Which lines of the entries below contain the string "else"? Copy each one.

───── Extracted information

Lemma is_lim_seq_harm_mul_harm_diff p r : (1 <= p)%nat ->
  is_lim_seq (fun N => harm p N * harm_diff r N) 0.
Proof.
  intros Hp. apply (is_lim_seq_incr_1 (fun N => harm p N * harm_diff r N)).
  apply is_lim_seq_le_le with (fun _ => 0) (fun n => INR r * (harm p (S n) / INR (S n))).
  - intros n. pose proof (harm_nonneg p (S n)). destruct (harm_diff_bounds r (S n)) as [Hc0 Hc].
    assert (INR r / INR (S (S n)) <= INR r / INR (S n)).
    { apply Rmult_le_compat_l; [apply pos_INR|].
      apply Rinv_le_contravar; [apply INR_S_pos | apply le_INR; lia]. }
    split; [now apply Rmult_le_pos|].
    replace (INR r * (harm p (S n) / INR (S n))) with (harm p (S n) * (INR r / INR (S n)))
      by (unfold Rdiv; ring).
    apply Rmult_le_compat_l; lra.
  - apply is_lim_seq_const.
  - replace (Finite 0) with (Rbar_mult (INR r) 0) by (simpl; f_equal; ring).
    apply is_lim_seq_scal_l, is_lim_seq_harm_div, Hp.
Qed.

Definition harm_diff_zeta (p r : nat) : R :=
  zeta (p + 1) + fsum (fun i => pf_unroll zeta (harm 1 (S i)) (INR (S i)) p) (r - 1).

Lemma is_series_harm_diff_zeta p r : (1 <= p)%nat -> (1 <= r)%nat ->
  is_series (fun j => / INR (S j) ^ p * harm_diff r j) (harm_diff_zeta p r).
Proof.
  intros Hp Hr.
  apply is_series_ext_R with
    (fun j => / INR (S j) ^ (p + 1) + fsum (fun i => 1 / (INR (S j) ^ p * INR (S j + S i))) (r - 1)).
  - intros j. unfold harm_diff. destruct r as [|r]; [lia|].
    rewrite fsum_Sl, Nat.add_0_r, Nat.sub_succ, Nat.sub_0_r, Rmult_plus_distr_l, <- fsum_scal_l.
    pose proof (INR_S_pos j). f_equal.
    + rewrite pow_add, pow_1. field. split; [lra | apply pow_nonzero; lra].
    + apply fsum_ext. intros i _. unfold Rdiv. now rewrite Rmult_1_l, Rinv_mult.
  - apply (is_series_plus (fun j => / INR (S j) ^ (p + 1))).
    + apply zeta_series. lia.
    + apply is_series_fsum. intros i _. apply is_series_inv_pow_mul_add; lia.
Qed.

Lemma is_series_S_term_1 p r : (1 <= p)%nat -> (1 <= r)%nat ->
  is_series (S_term (Z.of_nat p) 1 1 r) (harm_diff_zeta p r / INR r).
Proof.
  intros Hp Hr. assert (Hr0 : 0 < INR r) by (apply lt_0_INR; lia).
  apply is_series_ext_R with (fun n => / INR r * (harm p (S n) * (harm_diff r n - harm_diff r (S n)))).
  - intros n. unfold S_term. rewrite H_of_nat, harm_diff_step, plus_INR, !pow_1 by exact Hp.
    pose proof (INR_S_pos n). field. lra.
  - replace (harm_diff_zeta p r / INR r) with (/ INR r * (harm_diff_zeta p r - 0)) by (field; lra).
    apply is_series_scal_R, is_series_fsum_iff.
    apply is_lim_seq_ext with
      (fun N => fsum (fun j => / INR (S j) ^ p * harm_diff r j) (S N) - harm p (S N) * harm_diff r (S N)).
    + intros N. symmetry. apply fsum_by_parts.
    + apply is_lim_seq_minus'.
      * apply is_series_fsum_iff, is_series_harm_diff_zeta; assumption.
      * apply (is_lim_seq_incr_1 (fun N => harm p N * harm_diff r N)), is_lim_seq_harm_mul_harm_diff, Hp.
Qed.

Lemma is_series_Spp p m : (1 <= p)%nat -> (2 <= m)%nat ->
  is_series (fun k => H (Z.of_nat p) (S k) / INR (S k) ^ m) (Spp (Z.of_nat p) m).
Proof.
  intros Hp Hm. apply Series_correct.
  apply (ex_series_le (V := R_CompleteNormedModule)) with (fun k => 2 * S_term (Z.of_nat p) 1 1 1 k).
  - intros k. change (norm ?x) with (Rabs x). unfold S_term. rewrite H_of_nat by exact Hp.
    pose proof (harm_nonneg p (S k)). destruct (inv_pow_le_telescope m k Hm).
    rewrite Rabs_pos_eq by (apply Rmult_le_pos; assumption).
    replace (2 * (harm p (S k) / (INR (S k) ^ 1 * INR (S k + 1) ^ 1)))
      with (harm p (S k) * (2 * (/ INR (S k) - / INR (S (S k))))).
    + apply Rmult_le_compat_l; assumption.
    + rewrite !pow_1, (S_INR (S k)), plus_INR. pose proof (INR_S_pos k). simpl (INR 1). field. lra.
  - eexists. apply is_series_scal_R, is_series_S_term_1; lia.
Qed.

Lemma is_series_S_term_pos p m r : (1 <= p)%nat -> (1 <= m)%nat -> (1 <= r)%nat ->
  is_series (S_term (Z.of_nat p) m 1 r)
    (pf_unroll (Spp (Z.of_nat p)) (harm_diff_zeta p r) (INR r) m).
Proof.
  intros Hp Hm Hr.
  assert (E : forall k n, S_term (Z.of_nat p) k 1 r n
                          = H (Z.of_nat p) (S n) / (INR (S n) ^ k * INR (S n + r))).
  { intros k n. unfold S_term. now rewrite pow_1. }
  eapply is_series_ext_R; [intros n; symmetry; apply E|].
  apply is_series_pf_unroll; [exact Hr | | | exact Hm].
  - eapply is_series_ext_R; [|apply is_series_S_term_1; assumption]. intros n. now rewrite E, pow_1.
  - intros k Hk. apply is_series_Spp; assumption.
Qed.

Lemma harm_diff_zeta_eq p r : (1 <= p)%nat ->
  harm_diff_zeta p r = zeta (p + 1) +
    (sumR 1 (r - 1) (fun j => (-1) ^ (p + 1) * H 1 j / INR j ^ p)
     + sumR 2 p (fun l => (-1) ^ (p - l) * H (Z.of_nat (p - l + 1)) (r - 1) * zeta l)).
Proof.
  intros Hp. unfold harm_diff_zeta, pf_unroll. f_equal.
  rewrite fsum_plus, Rplus_comm. f_equal.
  - rewrite sumR_fsum. replace (r - 1 + 1 - 1)%nat with (r - 1)%nat by lia.
    apply fsum_ext. intros k _. rewrite (H_of_nat 1) by lia.
    replace (p + 1)%nat with (p - 1 + 2)%nat by lia. rewrite pow_add.
    unfold Rdiv. simpl. ring.
  - rewrite (fsum_ext _ (fun i => fsum (fun k => (-1) ^ (p - (2 + k)) / INR (S i) ^ (p - (2 + k) + 1)
                                               * zeta (2 + k)%nat) (p + 1 - 2)) (r - 1))
      by (intros; apply sumR_fsum).
    rewrite fsum_swap, sumR_fsum. apply fsum_ext. intros k _.
    rewrite H_of_nat by lia. unfold harm.
    rewrite <- fsum_scal_l, Rmult_comm, <- fsum_scal_l. apply fsum_ext. intros i _.
    unfold Rdiv. ring.
Qed.

Lemma S_term_pos_closed_form p m r : (1 <= p)%nat -> (1 <= m)%nat -> (1 <= r)%nat ->
  is_series (S_term (Z.of_nat p) m 1 r)
    (sumR 2 m (fun i => (-1) ^ (m - i) / INR r ^ (m - i + 1) * Spp (Z.of_nat p) i)
     + (-1) ^ (m - 1) / INR r ^ m * zeta (p + 1)
     + (-1) ^ (m - 1) / INR r ^ m *
         (sumR 1 (r - 1) (fun j => (-1) ^ (p + 1) * H 1 j / INR j ^ p)
          + sumR 2 p (fun l => (-1) ^ (p - l) * H (Z.of_nat (p - l + 1)) (r - 1) * zeta l))).
Proof.
  intros Hp Hm Hr.
  replace (sumR 2 m _ + _ + _) with (pf_unroll (Spp (Z.of_nat p)) (harm_diff_zeta p r) (INR r) m).
  - apply is_series_S_term_pos; assumption.
  - unfold pf_unroll. rewrite harm_diff_zeta_eq by exact Hp. ring.
Qed.

(** * Bernoulli numbers and Faulhaber's formula *)

(* Taylor coefficients of [(1 - exp (- x)) / x]. *)
Definition expm_coef (k : nat) : R := (-1) ^ k / INR (fact (S k)).

(* [bern_upto n] agrees with [bern_coef] on [0 .. n]; it realises the strong recursion
   [bern_coef_S], which makes [bern_coef] the reciprocal series of [expm_coef]. *)
Fixpoint bern_upto (n : nat) : nat -> R :=
  match n with
  | O => fun _ => 1
  | S n' => fun j => if (j <=? n')%nat then bern_upto n' j
                     else - fsum (fun k => expm_coef (S k) * bern_upto n' (n' - k)) (S n')
  end.

Definition bern_coef (n : nat) : R := bern_upto n n.

Lemma bern_upto_le n j : (j <= n)%nat -> bern_upto n j = bern_coef j.
Proof.
  induction n as [|n IH]; intros Hj; [now replace j with O by lia|].
  destruct (Nat.eq_dec j (S n)) as [->|Hne]; [reflexivity|].
  simpl. destruct (Nat.leb_spec j n); [apply IH; lia | lia].
Qed.

Lemma bern_coef_S n : bern_coef (S n) = - fsum (fun k => expm_coef (S k) * bern_coef (n - k)) (S n).
Proof.
  unfold bern_coef at 1. cbn [bern_upto]. rewrite (proj2 (Nat.leb_gt (S n) n)) by lia.
  f_equal. apply fsum_ext. intros k Hk. now rewrite bern_upto_le by lia.
Qed.

Lemma expm_coef_0 : expm_coef 0 = 1.
Proof. unfold expm_coef. simpl. field. Qed.

Lemma PS_mult_expm_bern n : PS_mult expm_coef bern_coef n = if (n =? 0)%nat then 1 else 0.
Proof.
  unfold PS_mult. rewrite sum_f_R0_fsum, fsum_Sl, expm_coef_0, Nat.sub_0_r.
  destruct n as [|n]; simpl Nat.eqb.
  - simpl. unfold bern_coef. simpl. ring.
  - rewrite bern_coef_S. simpl Nat.sub. ring.
Qed.

Lemma pow2_le_fact k : 2 ^ k <= INR (fact (S k)).
Proof.
  induction k as [|k IH]; [simpl; lra|].
  rewrite fact_simpl, mult_INR, (S_INR (S k)), S_INR. simpl pow.
  pose proof (pos_INR k). pose proof (pow_le 2 k ltac:(lra)). nra.
Qed.

Lemma Rabs_expm_coef k : Rabs (expm_coef k) = / INR (fact (S k)).
Proof.
  unfold expm_coef, Rdiv. rewrite Rabs_mult, pow_1_abs, Rmult_1_l, Rabs_inv.
  now rewrite Rabs_pos_eq by apply pos_INR.
Qed.

Lemma fsum_geom_half n : fsum (fun k => / 2 ^ S k) n = 1 - / 2 ^ n.
Proof.
  induction n as [|n IH]; cbn [fsum]; [simpl; lra|].
  rewrite IH. assert (0 < 2 ^ n) by (apply pow_lt; lra). simpl pow. field. lra.
Qed.

Lemma Rabs_bern_coef_le_1 n : Rabs (bern_coef n) <= 1.
Proof.
  induction n as [n IH] using (well_founded_induction lt_wf).
  destruct n as [|n]; [unfold bern_coef; simpl; rewrite Rabs_R1; lra|].
  rewrite bern_coef_S, Rabs_Ropp. eapply Rle_trans; [apply Rabs_fsum_le|].
  eapply Rle_trans; [apply (fsum_le _ (fun k => / 2 ^ S k))|].
  - intros k Hk. rewrite Rabs_mult, Rabs_expm_coef.
    pose proof (IH (n - k)%nat ltac:(lia)). pose proof (Rabs_pos (bern_coef (n - k))).
    assert (/ INR (fact (S (S k))) <= / 2 ^ S k).
    { apply Rinv_le_contravar; [apply pow_lt; lra | apply pow2_le_fact]. }
    assert (0 <= / INR (fact (S (S k)))) by (apply Rlt_le, Rinv_0_lt_compat, INR_fact_lt_0).
    nra.
  - rewrite fsum_geom_half. assert (0 < / 2 ^ S n) by (apply Rinv_0_lt_compat, pow_lt; lra). lra.
Qed.

Lemma CV_radius_ge_1 a : (forall n, Rabs (a n) <= 1) -> Rbar_le 1 (CV_radius a).
Proof.
  intros Ha. apply (proj1 (CV_radius_bounded a)). exists 1. intros n.
  rewrite pow1, Rmult_1_r. apply Ha.
Qed.

Lemma is_pseries_R a x l : is_pseries a x l <-> is_series (fun k => x ^ k * a k) l.
Proof. split; apply is_series_ext; intros k; rewrite ?pow_n_pow; reflexivity. Qed.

──────────

• Solution to this exercise:
                     else - fsum (fun k => expm_coef (S k) * bern_upto n' (n' - k)) (S n')
Lemma PS_mult_expm_bern n : PS_mult expm_coef bern_coef n = if (n =? 0)%nat then 1 else 0.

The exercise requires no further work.